> WORK REQUIRED: Go through the entries below and return every line that contains "Reals".

> RECORD SET:
☆ ☆ ☆ ☆ ☆ ☆ ☆
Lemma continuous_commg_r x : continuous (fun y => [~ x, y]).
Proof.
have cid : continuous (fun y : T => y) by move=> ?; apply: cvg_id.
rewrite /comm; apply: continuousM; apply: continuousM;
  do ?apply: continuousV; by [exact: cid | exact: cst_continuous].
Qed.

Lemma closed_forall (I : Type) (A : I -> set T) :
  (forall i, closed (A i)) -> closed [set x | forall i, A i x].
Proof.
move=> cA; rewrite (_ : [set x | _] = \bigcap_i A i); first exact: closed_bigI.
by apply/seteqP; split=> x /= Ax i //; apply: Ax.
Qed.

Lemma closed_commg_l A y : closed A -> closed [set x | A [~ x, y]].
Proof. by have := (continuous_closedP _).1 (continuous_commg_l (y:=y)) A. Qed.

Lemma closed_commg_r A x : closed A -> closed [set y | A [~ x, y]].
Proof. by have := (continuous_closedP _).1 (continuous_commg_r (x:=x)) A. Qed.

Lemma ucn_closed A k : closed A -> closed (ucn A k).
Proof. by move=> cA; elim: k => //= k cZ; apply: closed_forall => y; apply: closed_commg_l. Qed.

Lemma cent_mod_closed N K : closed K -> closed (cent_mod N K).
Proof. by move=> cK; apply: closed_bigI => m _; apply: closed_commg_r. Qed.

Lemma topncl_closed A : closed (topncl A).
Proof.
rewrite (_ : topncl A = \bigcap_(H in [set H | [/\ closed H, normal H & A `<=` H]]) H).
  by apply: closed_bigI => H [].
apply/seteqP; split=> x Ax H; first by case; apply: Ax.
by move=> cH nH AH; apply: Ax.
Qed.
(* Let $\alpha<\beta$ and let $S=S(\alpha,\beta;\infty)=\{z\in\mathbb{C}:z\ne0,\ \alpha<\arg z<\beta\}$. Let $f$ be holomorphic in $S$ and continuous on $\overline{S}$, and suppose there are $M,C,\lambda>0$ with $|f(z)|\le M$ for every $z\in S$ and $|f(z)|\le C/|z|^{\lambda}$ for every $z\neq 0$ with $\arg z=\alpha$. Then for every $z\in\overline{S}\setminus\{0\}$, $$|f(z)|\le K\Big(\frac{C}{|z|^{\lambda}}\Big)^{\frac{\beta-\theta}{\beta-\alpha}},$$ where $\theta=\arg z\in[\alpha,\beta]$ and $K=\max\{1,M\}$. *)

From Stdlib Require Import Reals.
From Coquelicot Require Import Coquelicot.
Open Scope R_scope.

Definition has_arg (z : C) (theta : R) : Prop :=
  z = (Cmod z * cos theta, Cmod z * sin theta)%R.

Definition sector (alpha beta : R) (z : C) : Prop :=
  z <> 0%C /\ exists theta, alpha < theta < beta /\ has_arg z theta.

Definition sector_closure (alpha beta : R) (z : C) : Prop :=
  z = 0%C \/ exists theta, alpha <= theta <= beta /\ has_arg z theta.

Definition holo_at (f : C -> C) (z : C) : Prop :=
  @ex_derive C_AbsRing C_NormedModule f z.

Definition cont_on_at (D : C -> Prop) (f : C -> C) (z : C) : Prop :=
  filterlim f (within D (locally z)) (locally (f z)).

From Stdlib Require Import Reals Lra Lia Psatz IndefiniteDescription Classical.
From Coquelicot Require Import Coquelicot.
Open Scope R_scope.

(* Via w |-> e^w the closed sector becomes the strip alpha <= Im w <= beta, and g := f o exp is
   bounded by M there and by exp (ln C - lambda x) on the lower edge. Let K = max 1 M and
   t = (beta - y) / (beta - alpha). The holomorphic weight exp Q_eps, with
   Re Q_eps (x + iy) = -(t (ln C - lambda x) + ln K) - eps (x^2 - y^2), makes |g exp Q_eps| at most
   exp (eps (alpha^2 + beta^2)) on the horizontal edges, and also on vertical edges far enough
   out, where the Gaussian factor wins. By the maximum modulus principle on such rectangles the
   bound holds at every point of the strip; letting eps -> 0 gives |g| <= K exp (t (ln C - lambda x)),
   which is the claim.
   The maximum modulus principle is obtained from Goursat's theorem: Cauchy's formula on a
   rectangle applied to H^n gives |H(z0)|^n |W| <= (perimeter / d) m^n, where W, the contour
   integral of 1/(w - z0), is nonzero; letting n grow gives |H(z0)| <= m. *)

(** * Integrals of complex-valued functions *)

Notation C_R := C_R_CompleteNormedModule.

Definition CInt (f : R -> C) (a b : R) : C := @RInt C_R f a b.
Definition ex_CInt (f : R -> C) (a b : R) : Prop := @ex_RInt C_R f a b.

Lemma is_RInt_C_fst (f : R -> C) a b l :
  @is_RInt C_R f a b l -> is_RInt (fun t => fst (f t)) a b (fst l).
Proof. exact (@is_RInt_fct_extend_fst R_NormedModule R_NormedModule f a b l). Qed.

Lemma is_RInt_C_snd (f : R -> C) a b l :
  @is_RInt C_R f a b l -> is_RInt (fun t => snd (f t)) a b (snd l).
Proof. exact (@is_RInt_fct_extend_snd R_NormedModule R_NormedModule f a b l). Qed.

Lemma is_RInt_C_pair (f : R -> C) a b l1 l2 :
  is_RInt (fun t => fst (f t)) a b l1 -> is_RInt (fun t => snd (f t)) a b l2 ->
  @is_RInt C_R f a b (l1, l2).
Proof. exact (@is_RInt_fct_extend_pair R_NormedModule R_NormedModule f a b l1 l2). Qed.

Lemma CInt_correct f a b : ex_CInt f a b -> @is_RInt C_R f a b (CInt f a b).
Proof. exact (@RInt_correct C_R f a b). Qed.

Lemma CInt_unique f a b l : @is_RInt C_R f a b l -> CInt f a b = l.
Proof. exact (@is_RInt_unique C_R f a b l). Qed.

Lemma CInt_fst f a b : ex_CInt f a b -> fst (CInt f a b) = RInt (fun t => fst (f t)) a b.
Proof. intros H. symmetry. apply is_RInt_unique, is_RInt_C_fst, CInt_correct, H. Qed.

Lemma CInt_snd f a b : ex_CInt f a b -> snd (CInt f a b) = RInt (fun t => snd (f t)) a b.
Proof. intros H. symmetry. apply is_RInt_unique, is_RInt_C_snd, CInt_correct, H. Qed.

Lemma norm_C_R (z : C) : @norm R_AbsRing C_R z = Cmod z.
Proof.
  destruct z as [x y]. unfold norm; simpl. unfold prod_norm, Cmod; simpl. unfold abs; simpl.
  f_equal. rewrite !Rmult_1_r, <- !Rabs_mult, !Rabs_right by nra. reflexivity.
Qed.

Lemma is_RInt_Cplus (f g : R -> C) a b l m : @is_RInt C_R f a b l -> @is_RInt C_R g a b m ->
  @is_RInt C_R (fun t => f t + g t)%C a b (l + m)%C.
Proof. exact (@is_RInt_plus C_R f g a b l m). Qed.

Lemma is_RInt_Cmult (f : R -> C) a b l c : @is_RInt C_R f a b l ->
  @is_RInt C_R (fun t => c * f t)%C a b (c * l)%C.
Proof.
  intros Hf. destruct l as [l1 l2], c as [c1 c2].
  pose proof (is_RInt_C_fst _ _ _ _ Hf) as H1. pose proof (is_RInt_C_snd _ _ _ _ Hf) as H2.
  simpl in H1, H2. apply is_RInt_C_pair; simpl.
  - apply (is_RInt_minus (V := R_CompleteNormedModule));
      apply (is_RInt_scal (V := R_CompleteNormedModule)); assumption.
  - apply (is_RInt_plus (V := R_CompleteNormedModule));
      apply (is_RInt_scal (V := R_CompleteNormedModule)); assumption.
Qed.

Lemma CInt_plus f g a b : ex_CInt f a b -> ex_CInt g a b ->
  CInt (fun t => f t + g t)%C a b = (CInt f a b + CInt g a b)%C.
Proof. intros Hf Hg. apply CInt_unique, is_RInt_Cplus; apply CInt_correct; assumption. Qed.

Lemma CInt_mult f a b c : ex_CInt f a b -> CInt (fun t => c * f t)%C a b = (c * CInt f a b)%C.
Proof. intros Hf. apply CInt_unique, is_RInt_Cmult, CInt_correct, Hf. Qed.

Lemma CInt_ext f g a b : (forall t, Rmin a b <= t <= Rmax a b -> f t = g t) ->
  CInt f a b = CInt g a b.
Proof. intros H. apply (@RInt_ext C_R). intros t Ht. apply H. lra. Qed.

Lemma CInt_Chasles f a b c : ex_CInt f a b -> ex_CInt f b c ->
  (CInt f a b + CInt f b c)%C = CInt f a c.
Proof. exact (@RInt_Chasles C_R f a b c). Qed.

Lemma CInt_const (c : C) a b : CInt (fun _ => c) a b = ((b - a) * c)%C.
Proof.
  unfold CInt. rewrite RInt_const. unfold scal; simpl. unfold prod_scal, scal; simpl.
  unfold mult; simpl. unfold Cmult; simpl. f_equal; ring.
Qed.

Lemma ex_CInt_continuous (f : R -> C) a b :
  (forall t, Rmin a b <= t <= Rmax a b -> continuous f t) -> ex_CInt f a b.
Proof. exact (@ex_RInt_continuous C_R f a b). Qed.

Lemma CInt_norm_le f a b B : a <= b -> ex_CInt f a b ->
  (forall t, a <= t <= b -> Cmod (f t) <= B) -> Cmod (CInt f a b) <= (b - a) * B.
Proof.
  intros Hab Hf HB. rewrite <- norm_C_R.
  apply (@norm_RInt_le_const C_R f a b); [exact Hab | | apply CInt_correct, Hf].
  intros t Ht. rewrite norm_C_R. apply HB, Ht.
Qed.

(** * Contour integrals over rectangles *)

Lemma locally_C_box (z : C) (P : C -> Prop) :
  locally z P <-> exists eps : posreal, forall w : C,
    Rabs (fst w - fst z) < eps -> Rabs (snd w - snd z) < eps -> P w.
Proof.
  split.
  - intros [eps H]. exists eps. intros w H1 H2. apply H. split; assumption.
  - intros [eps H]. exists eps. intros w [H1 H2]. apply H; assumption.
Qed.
☆ ☆ ☆ ☆ ☆ ☆ ☆
> OUTPUT OF THE TASK:
From Stdlib Require Import Reals.
From Stdlib Require Import Reals Lra Lia Psatz IndefiniteDescription Classical.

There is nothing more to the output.